I am trying to create a custom transformer as a stage in my pipeline. A few of the transformations I am doing via SparkNLP and the next few using MLlib. To pass the result of SparkNLP transformation at a stage to the next MLlib transformation, I need to extract the spark_nlp_col.result column and pass it, and I am using a custom transformation stage for that.
After I fit my pipeline, I am able to persist it but when I am loading it back again, I am getting an error:
AttributeError: 'DummyMod' object has no attribute 'MyTransformer'
Here is my class:
from pyspark.ml import Transformer
from pyspark.ml.param.shared import Param,Params,TypeConverters
class MyTransformer(Transformer,DefaultParamsWritable,DefaultParamsReadable):
inputCol = Param(Params._dummy(), "inputCol", "",TypeConverters.toString)

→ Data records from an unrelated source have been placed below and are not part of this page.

Lemma is_derive_expR_affine (c k x : R) :
  is_derive x 1 (fun t => expR (c + t * k)) (k * expR (c + x * k)).
Proof.
have daff : is_derive x 1 (fun t => c + t * k) k.
  (* [exact], unlike [apply:], matches [cst c + id * cst k] with the lambda
     up to conversion; [GRing.scale] on R is multiplication *)
  eapply is_derive_eq; first exact (is_deriveD (is_derive_cst c x 1)
    (is_deriveM (is_derive_id x 1) (is_derive_cst k x 1))).
  by rewrite /GRing.scale /=; ring.
by rewrite mulrC; exact: (is_derive1_comp (is_derive_expR _) daff).
Qed.

Lemma MVT_everywhere (f df : R -> R) (a b : R) : a < b ->
  (forall x : R, is_derive x 1 f (df x)) ->
  exists2 c, a < c < b & f b - f a = df c * (b - a).
Proof.
move=> ab fdf; have [c | c] := MVT ab (fun x _ => fdf x).
  by apply: derivable_within_continuous => x _; exact: ex_derive.
by rewrite in_itv /=; exists c.
Qed.

Lemma taylor2_remainder_le (f df d2f : R -> R) (a b B : R) : a < b ->
  (forall x : R, is_derive x 1 f (df x)) -> (forall x : R, is_derive x 1 df (d2f x)) ->
  (forall x, `|d2f x| <= B) ->
  `|f b - f a - (b - a) * df a| <= B / 2 * (b - a) ^+ 2.
Proof.
move=> ab fdf dfd2f d2fB; have ba_gt0 : 0 < b - a by rewrite subr_gt0.
set r := f b - f a - (b - a) * df a.
set K := r / (b - a) ^+ 2.
pose h t := f t - (t - a) * df a - K * ((t - a) * (t - a)).
have hdh (x : R) : is_derive x 1 h (df x - df a - 2 * K * (x - a)).
  have dxa := is_deriveB (is_derive_id x 1) (is_derive_cst a x 1).
  eapply is_derive_eq; first exact (is_deriveB (is_deriveB (fdf x)
    (is_deriveM dxa (is_derive_cst (df a) x 1)))
    (is_deriveM (is_derive_cst K x 1) (is_deriveM dxa dxa))).
  by rewrite /GRing.scale !fctE /=; ring.
have [c /andP[ac _]] := MVT_everywhere ab hdh.
have -> : h b - h a = 0 by rewrite /h /K /r; field; rewrite gt_eqF.
move/esym/eqP; rewrite mulf_eq0 (gt_eqF ba_gt0) orbF subr_eq0 => /eqP dfc.
have [d _ d2fd] := MVT_everywhere ac dfd2f.
have K_d2f : K = d2f d / 2.
  have ca_neq0 : c - a != 0 by rewrite subr_eq0 gt_eqF.
  by move: d2fd; rewrite dfc => /(mulIf ca_neq0) <-; field.
have -> : r = K * (b - a) ^+ 2 by rewrite /K divfK // expf_neq0 // gt_eqF.
rewrite normrM (ger0_norm (sqr_ge0 _)) K_d2f normrM.
rewrite [`|2^-1|]ger0_norm ?invr_ge0 ?ler0n //.
by apply: ler_wpM2r; [exact: sqr_ge0 | apply: ler_wpM2r; rewrite ?invr_ge0].
Qed.
(* The relation $\{(\rho,\sigma,\pi):\rho,\sigma,\pi\text{ are total and }|\pi|=|\rho|\cdot|\sigma|\}$ is $\Pi_3$-definable in $\mathbf Y^*=\langle\mathcal P,\le,[1]+[1]\rangle$.
   Context: $\mathcal P$ is the set of all integer partitions, including the empty partition $\emptyset$; a partition is a nonincreasing finite sequence of positive integers (its parts), and $|\pi|$ is the sum of its parts. A partition is total if it has exactly one part; $\emptyset$ also counts as total. Young's lattice $\mathbf Y=\langle\mathcal P,\le\rangle$ has $(s_1,\dots,s_r)\le(n_1,\dots,n_t)$ iff $r\le t$ and $s_i\le n_i$ for all $i\le r$; $\mathbf Y^*$ is $\mathbf Y$ with a constant symbol for the partition $(1,1)$. A relation is $\Pi_n$-definable if it is defined by a first-order formula in the language $\{\le,(1,1)\}$ in prenex form with $n$ alternating quantifier blocks, the outermost universal, and a quantifier-free matrix. *)

From mathcomp Require Import all_boot.
Set Implicit Arguments. Unset Strict Implicit. Unset Printing Implicit Defensive.

Definition is_partition (s : seq nat) : bool :=
  sorted geq s && all (fun x => 0 < x) s.

Record partition := Part { parts : seq nat; partsP : is_partition parts }.

Definition part_weight (p : partition) : nat := sumn (parts p).

Definition total_part (p : partition) : Prop := size (parts p) <= 1.

Definition young_le (s n : partition) : Prop :=
  size (parts s) <= size (parts n) /\
  forall i, i < size (parts s) -> nth 0 (parts s) i <= nth 0 (parts n) i.

Definition p11 : partition := @Part [:: 1; 1] erefl.

Inductive term := TVar of nat | TConst.

Inductive qf :=
| QTrue | QFalse
| QLe of term & term
| QEq of term & term
| QNot of qf
| QAnd of qf & qf
| QOr of qf & qf.
(* Consider the heteroscedastic linear model $y(i,k)=\tau_i+\mu+\mathbf g^T(k)\beta+\varepsilon(i,k)$ with treatments $i\in\{1,\ldots,v_1\}$, covariate indices $k\in\{1,\ldots,d\}$, known regressors $\mathbf g(k)\in\mathbb R^{v_2}$, uncorrelated mean-zero errors with $\mathrm{Var}(\varepsilon(i,k))=\sigma^2/\lambda_i$, $\lambda_i>0$ known. Let $\Phi$ be an eigenvalue-based information function. If there exists a $\Phi$-optimal design for $\mathbf A^T\theta$ in this model, then there exists a product design $w\otimes\alpha$ (i.e. a design with $\xi(i,k)=w_i\alpha_k$ for some probability vectors $w\in\mathbb R^{v_1}$, $\alpha\in\mathbb R^d$) that is $\Phi$-optimal for $\mathbf A^T\theta$.
   Context: Write $\theta=(\tau^T,\mu,\beta^T)^T$, $\mathbf f(i,k)=(\mathbf e_i^T,1,\mathbf g^T(k))^T$. A design $\xi$ is a nonnegative function on $\{1,\ldots,v_1\}\times\{1,\ldots,d\}$ summing to one, with moment matrix $\mathbf M(\xi)=\sum_{i,k}\xi(i,k)\lambda_i\mathbf f(i,k)\mathbf f^T(i,k)$. Let $\mathbf Q_1\in\mathbb R^{v_1\times s_1}$ have full column rank, satisfy $\mathbf Q_1^T\mathbf 1_{v_1}=\mathbf 0$ and have no zero row; let $\mathbf K\in\mathbb R^{v_2\times s_2}$ have full column rank; $\mathbf Q_2=(\mathbf 0_{s_2},\mathbf K^T)^T$, $\mathbf A=\mathrm{diag}(\mathbf Q_1,\mathbf Q_2)$. A design is feasible for $\mathbf A^T\theta$ if $\mathcal C(\mathbf A)\subseteq\mathcal C(\mathbf M(\xi))$; its information matrix is then $\mathbf N_{\mathbf A}(\xi)=(\mathbf A^T\mathbf M^-(\xi)\mathbf A)^{-1}$. A design is $\Phi$-optimal for $\mathbf A^T\theta$ if it is feasible and maximizes $\Phi(\mathbf N_{\mathbf A}(\xi))$ over all feasible designs. An information function is a positively homogeneous, concave, nonnegative, nonconstant, upper semicontinuous function on nonnegative definite $s\times s$ matrices ($s=s_1+s_2$); it is eigenvalue-based if it depends only on the eigenvalues of its argument. *)

From HB Require Import structures.
From mathcomp Require Import all_boot all_order all_algebra.
From mathcomp Require Import reals.
Set Implicit Arguments. Unset Strict Implicit. Unset Printing Implicit Defensive.
Import Order.TTheory GRing.Theory Num.Theory.
Local Open Scope ring_scope.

outputCol = Param(Params._dummy(), "outputCol", "",TypeConverters.toString)
def __init__(self,inputCol=None,outputCol=None):
super(MyTransformer, self).__init__()
self._setDefault(inputCol=None)
self._set(inputCol = inputCol)
self._setDefault(outputCol=None)
self._set(outputCol = outputCol)
def getInputCol(self):
return self.getOrDefault(self.inputCol)
def setInputCol(self, inputCol):
self._set(inputCol=inputCol)
def getOutputCol(self):
return self.getOrDefault(self.outputCol)
def setOutputCol(self, outputCol):
self._set(outputCol=outputCol)
def _transform(self, dataset):
in_col = self.getInputCol()
out_col = self.getOutputCol()
final_in_col = in_col+".result"
result = dataset.withColumn(out_col, dataset[final_in_col])
return result
I have created a simple wrapper function over it for standardisation and then used it to create pipeline, fit and save it:
def extract_col(cols, in_suffix, out_suffix):
return [MyTransformer(inputCol=col+in_suff, outputCol=col+out_suffix) for col in cols]
'''
stages before custom transformer
'''
extractors = extract_col(cols, "_in", "_out")
'''
stages after custom transformer
'''
stages = s1 + s2 + .. + extractors + .. + sn-1 + sn
pipeline = Pipeline(stages = stages)
fit_pipeline = pipeline.fit(data)
fit_pipeline.write().overwrite().save(path_to_store_at)
How I am reading it back:
saved_pipeline = PipelinModel.load("path_where_stored")
And then I am encountering the error.
I have tried multiple ways of writing the custom class, using HasInputCol, HasOutputCol, etc, nothing working so far. Any idea on how I can resolve it?